Extract precisely the lines of the entries below, from the first line through the line containing "Definition inarcs (u".
=== Begin Enclosure ===
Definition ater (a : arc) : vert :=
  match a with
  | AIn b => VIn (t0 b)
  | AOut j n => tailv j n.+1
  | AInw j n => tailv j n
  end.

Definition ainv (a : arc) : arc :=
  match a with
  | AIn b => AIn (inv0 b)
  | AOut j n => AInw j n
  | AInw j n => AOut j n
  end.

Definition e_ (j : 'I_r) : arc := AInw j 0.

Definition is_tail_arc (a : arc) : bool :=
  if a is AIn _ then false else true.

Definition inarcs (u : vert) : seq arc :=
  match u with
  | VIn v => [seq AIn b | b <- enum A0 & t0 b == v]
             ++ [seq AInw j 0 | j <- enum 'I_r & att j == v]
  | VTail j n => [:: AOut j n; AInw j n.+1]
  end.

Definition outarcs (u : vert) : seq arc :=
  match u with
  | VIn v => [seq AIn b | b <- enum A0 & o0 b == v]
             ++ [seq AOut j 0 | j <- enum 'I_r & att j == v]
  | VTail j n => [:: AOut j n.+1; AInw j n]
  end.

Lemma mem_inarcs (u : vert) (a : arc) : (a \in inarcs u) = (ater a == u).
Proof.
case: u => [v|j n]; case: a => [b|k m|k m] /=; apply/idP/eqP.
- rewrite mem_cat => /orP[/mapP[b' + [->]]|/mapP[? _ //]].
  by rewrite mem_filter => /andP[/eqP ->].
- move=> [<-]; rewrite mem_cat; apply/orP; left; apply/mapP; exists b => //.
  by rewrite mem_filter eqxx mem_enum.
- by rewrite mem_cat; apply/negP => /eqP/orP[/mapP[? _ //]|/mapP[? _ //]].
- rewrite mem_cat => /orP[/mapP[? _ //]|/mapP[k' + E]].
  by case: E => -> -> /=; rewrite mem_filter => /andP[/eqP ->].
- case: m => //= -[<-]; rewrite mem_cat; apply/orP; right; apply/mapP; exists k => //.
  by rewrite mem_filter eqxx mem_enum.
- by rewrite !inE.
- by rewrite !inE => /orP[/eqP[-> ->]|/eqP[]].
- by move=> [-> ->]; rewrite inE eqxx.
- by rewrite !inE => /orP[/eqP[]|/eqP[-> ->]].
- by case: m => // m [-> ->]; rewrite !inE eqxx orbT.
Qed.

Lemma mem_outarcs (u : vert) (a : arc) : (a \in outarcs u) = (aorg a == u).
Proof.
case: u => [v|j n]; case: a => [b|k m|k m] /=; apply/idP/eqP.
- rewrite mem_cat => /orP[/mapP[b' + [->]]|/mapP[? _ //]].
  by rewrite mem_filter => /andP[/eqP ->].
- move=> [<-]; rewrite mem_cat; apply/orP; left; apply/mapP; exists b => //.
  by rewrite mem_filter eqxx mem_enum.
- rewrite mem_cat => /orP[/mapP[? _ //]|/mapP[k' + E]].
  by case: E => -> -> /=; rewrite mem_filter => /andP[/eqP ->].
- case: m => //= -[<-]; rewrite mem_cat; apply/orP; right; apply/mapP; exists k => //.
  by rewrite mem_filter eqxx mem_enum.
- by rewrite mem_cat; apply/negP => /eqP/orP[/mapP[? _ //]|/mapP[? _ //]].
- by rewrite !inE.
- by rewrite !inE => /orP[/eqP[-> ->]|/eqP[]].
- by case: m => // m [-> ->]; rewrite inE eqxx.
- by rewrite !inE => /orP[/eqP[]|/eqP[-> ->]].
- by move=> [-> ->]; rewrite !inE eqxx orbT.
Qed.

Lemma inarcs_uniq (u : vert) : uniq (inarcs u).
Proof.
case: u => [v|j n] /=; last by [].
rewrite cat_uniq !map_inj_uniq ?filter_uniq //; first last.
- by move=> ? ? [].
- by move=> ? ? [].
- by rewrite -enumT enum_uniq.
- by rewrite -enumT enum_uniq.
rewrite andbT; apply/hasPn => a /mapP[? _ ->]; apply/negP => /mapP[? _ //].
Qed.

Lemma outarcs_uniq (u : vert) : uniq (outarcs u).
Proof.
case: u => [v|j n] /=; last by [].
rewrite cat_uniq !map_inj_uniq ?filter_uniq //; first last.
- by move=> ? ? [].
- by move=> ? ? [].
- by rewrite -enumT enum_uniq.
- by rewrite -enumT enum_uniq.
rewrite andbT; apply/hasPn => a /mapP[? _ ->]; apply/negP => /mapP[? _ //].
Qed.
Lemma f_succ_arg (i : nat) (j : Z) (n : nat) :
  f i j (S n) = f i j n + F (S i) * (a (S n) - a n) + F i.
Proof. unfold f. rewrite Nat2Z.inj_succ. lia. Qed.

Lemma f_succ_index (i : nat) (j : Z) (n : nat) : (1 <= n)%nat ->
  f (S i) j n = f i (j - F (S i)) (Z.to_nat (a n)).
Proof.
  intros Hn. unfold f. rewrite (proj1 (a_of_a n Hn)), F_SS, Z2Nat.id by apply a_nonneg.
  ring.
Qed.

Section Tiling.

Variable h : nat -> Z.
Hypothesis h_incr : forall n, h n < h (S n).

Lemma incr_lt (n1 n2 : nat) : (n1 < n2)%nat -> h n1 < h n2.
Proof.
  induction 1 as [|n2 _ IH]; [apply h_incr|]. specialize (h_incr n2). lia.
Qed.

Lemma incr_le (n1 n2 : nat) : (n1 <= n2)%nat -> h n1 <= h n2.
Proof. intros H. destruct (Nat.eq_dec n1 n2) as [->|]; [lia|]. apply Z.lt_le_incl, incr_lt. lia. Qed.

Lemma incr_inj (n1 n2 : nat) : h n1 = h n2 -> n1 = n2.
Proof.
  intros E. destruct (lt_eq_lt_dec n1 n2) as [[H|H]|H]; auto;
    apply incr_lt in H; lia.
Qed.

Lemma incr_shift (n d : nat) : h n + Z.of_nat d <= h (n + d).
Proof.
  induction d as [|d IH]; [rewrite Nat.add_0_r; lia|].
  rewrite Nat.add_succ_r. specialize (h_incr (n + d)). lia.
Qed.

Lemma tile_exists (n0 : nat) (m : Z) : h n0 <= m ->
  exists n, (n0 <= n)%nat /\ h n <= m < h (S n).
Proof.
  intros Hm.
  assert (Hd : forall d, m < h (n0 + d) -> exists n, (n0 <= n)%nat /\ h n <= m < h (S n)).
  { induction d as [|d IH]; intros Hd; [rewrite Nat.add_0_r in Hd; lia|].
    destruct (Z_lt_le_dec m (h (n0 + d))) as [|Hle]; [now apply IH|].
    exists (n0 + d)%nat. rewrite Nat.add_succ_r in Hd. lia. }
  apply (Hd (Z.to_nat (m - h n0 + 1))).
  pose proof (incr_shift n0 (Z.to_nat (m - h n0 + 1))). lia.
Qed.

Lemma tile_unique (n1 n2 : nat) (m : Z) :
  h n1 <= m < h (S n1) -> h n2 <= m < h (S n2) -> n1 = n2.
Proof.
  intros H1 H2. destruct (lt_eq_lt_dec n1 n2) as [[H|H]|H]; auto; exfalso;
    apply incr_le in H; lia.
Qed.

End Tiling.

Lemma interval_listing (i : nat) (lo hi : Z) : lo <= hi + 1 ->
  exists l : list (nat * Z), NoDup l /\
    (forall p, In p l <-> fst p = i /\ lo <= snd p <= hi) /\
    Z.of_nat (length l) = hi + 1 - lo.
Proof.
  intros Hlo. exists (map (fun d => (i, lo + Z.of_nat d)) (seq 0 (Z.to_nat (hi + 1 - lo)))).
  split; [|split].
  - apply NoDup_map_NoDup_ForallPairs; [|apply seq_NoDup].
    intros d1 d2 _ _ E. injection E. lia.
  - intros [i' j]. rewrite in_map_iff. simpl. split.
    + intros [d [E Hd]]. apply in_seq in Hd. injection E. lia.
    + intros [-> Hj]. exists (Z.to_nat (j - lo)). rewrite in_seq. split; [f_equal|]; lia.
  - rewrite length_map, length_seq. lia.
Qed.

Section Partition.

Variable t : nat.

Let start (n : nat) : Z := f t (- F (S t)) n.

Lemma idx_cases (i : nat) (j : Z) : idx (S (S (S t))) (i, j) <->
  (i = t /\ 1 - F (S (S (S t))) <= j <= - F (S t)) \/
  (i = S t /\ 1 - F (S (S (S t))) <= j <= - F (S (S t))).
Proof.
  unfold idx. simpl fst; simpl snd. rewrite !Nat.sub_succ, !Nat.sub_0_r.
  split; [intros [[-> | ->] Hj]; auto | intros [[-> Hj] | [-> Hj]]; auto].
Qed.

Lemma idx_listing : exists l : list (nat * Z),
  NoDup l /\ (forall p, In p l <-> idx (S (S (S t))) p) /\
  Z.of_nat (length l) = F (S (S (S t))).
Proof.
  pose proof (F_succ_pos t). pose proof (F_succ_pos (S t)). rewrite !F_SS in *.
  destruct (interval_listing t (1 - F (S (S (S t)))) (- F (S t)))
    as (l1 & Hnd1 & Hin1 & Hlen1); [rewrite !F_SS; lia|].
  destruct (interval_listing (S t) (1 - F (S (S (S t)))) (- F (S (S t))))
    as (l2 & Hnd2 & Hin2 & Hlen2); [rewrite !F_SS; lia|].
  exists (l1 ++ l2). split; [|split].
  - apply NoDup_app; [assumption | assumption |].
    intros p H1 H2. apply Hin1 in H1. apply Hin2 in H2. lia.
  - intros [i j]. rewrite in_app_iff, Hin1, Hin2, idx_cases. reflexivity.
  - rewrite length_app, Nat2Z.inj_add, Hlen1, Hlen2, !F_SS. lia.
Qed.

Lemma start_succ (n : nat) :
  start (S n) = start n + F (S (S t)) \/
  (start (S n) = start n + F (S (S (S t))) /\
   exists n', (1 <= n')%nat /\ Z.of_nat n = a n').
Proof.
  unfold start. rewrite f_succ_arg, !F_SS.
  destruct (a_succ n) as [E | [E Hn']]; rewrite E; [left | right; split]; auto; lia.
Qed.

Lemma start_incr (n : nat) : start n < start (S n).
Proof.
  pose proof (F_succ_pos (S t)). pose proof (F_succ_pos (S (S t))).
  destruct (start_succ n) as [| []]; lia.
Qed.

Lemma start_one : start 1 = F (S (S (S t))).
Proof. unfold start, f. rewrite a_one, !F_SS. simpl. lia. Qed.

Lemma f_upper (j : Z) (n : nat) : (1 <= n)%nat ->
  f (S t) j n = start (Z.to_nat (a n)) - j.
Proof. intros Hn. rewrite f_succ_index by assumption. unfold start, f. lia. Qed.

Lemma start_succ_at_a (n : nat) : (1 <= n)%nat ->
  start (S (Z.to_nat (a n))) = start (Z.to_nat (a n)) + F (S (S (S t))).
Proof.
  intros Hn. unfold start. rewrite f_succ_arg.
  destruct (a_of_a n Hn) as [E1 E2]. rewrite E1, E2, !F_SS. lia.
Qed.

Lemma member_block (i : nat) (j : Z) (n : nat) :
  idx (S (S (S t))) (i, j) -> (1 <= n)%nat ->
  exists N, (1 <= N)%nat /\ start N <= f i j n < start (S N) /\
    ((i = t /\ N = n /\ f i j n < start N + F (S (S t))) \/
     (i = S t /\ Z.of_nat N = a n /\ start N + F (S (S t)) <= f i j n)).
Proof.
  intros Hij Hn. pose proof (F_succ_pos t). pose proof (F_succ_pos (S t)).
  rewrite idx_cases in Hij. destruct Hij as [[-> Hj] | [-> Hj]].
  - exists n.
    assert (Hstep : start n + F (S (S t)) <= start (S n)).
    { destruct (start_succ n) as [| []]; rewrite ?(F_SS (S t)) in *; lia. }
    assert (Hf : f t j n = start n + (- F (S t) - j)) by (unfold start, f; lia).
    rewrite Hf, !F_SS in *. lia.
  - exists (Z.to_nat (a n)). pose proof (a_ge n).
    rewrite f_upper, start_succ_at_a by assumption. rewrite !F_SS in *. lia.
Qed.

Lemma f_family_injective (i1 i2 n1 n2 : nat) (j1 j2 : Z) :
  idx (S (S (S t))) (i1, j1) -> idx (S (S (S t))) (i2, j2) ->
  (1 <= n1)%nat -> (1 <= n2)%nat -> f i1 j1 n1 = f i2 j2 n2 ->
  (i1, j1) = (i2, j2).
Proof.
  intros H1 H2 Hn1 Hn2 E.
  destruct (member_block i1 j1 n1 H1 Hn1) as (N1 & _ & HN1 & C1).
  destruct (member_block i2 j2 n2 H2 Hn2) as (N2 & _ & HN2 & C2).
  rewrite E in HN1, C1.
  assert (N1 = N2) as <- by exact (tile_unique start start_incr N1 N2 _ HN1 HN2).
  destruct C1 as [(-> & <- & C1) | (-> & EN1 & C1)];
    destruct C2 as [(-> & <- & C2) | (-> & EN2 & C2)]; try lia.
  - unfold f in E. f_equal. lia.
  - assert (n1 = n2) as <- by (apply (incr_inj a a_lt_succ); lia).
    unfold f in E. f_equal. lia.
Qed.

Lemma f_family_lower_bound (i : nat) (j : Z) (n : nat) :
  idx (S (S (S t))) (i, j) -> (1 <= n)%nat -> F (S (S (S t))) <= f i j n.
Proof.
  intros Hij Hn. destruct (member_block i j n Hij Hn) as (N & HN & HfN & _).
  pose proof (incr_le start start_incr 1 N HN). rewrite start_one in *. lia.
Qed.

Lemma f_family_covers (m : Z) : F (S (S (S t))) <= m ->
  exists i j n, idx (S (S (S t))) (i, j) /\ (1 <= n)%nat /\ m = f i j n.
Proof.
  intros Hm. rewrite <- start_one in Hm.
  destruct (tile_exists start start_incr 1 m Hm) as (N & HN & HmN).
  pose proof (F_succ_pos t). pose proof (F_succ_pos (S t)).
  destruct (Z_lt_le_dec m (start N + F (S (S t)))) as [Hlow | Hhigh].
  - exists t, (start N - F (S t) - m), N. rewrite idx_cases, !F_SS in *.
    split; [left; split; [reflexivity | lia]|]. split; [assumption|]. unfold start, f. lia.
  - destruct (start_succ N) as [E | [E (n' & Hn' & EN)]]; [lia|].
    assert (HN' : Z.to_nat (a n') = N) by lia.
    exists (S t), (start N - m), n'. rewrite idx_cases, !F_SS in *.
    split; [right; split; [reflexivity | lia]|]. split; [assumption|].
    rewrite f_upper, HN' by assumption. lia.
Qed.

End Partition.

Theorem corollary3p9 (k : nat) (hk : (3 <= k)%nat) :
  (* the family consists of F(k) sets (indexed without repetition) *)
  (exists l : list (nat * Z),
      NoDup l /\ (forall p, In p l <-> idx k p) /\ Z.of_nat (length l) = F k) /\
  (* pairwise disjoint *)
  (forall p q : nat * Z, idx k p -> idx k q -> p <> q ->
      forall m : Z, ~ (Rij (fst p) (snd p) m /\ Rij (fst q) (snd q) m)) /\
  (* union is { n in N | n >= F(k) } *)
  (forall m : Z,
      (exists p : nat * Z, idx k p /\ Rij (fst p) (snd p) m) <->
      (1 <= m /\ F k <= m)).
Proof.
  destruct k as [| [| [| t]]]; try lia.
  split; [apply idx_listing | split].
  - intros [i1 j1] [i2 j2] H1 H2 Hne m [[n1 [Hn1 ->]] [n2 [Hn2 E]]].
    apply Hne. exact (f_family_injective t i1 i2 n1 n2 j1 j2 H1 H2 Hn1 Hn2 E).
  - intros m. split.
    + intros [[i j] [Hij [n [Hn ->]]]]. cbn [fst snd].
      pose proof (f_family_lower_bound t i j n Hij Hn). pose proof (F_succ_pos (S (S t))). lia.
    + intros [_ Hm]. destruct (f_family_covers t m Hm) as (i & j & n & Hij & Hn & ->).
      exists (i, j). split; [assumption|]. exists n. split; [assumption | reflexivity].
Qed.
=== End Enclosure ===
TASK SOLUTION:
Definition ater (a : arc) : vert :=
  match a with
  | AIn b => VIn (t0 b)
  | AOut j n => tailv j n.+1
  | AInw j n => tailv j n
  end.

Definition ainv (a : arc) : arc :=
  match a with
  | AIn b => AIn (inv0 b)
  | AOut j n => AInw j n
  | AInw j n => AOut j n
  end.

Definition e_ (j : 'I_r) : arc := AInw j 0.

Definition is_tail_arc (a : arc) : bool :=
  if a is AIn _ then false else true.

Definition inarcs (u : vert) : seq arc :=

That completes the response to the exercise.